WHAT IS NEEDED: From the listing below, copy only the lines running from the line that contains "- apply (hybr_le_root hE hs hz)." to the line that contains "destruct (hybr_lt_supp_inv (max_supp hE hs)", both included.

*** RAW DATA ***

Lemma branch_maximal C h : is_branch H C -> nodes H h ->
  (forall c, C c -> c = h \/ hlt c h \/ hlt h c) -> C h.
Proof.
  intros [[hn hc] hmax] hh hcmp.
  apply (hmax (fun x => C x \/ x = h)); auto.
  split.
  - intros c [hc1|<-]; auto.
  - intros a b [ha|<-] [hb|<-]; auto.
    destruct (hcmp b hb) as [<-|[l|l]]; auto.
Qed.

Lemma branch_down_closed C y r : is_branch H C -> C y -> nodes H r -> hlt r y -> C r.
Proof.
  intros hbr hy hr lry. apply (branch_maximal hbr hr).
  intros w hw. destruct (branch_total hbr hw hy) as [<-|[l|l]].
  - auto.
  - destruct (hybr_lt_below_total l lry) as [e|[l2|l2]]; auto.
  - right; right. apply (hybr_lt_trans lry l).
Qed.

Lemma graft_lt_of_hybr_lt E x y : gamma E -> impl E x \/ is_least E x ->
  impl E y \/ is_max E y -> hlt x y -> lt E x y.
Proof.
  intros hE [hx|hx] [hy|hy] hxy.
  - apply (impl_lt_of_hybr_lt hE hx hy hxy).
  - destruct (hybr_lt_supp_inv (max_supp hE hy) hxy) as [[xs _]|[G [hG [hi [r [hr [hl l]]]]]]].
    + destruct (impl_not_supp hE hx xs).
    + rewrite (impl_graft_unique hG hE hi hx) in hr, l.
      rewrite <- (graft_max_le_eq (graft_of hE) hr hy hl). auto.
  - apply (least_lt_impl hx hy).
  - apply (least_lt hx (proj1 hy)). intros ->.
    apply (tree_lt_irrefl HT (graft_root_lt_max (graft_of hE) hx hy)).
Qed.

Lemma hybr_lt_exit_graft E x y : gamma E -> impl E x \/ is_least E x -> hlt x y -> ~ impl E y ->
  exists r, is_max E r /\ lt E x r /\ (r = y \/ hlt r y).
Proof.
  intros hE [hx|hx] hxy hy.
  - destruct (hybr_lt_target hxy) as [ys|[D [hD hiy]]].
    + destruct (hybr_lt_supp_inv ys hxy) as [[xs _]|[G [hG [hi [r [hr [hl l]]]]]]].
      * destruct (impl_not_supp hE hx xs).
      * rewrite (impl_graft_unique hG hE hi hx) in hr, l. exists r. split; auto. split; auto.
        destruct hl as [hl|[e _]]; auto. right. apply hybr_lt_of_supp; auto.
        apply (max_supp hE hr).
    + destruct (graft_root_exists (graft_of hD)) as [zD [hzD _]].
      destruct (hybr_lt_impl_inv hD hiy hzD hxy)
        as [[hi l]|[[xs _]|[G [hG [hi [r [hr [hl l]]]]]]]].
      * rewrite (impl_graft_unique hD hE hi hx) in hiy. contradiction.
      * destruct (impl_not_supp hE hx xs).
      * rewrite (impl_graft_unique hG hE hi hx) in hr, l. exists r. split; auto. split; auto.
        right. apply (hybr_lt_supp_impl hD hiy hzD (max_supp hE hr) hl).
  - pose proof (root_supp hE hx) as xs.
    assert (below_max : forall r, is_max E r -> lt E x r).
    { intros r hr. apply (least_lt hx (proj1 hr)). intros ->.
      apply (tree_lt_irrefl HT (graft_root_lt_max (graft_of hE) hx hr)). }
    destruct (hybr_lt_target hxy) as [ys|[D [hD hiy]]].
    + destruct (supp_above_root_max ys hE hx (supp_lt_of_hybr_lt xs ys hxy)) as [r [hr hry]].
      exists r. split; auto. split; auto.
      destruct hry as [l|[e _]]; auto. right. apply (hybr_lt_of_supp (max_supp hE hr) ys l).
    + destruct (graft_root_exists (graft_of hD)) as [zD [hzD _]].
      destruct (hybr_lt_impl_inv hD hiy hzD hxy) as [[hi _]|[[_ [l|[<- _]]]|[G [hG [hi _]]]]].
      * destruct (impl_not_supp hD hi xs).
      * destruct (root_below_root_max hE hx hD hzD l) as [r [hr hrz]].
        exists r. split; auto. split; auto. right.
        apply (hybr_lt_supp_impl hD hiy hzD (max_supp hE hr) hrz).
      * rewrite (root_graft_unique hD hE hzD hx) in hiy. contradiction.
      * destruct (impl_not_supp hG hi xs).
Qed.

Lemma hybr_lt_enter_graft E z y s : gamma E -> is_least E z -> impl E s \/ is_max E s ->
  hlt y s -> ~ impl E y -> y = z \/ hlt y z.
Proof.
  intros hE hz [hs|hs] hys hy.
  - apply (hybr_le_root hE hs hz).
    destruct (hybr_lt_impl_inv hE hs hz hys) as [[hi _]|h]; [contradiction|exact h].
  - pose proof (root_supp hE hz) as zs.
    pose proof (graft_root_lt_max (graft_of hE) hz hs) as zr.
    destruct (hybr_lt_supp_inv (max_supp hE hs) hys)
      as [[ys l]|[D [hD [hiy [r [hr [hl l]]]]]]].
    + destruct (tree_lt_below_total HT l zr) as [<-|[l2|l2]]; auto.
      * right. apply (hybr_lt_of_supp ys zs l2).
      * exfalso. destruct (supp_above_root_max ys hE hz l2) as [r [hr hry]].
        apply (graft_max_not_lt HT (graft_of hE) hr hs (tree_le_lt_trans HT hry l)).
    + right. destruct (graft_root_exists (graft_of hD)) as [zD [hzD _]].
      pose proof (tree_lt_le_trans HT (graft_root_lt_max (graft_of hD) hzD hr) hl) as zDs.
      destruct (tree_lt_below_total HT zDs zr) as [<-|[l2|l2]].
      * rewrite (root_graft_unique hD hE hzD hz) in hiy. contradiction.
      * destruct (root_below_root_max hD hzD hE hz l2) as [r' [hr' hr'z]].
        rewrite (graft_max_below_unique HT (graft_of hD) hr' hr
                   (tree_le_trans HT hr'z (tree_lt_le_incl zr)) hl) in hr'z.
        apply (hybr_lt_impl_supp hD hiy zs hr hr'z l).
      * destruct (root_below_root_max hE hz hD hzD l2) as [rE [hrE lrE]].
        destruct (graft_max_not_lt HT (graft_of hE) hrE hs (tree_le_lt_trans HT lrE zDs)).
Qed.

*** End of RAW DATA ***

SOLUTION FOR THIS PROBLEM:
  - apply (hybr_le_root hE hs hz).
    destruct (hybr_lt_impl_inv hE hs hz hys) as [[hi _]|h]; [contradiction|exact h].
  - pose proof (root_supp hE hz) as zs.
    pose proof (graft_root_lt_max (graft_of hE) hz hs) as zr.
    destruct (hybr_lt_supp_inv (max_supp hE hs) hys)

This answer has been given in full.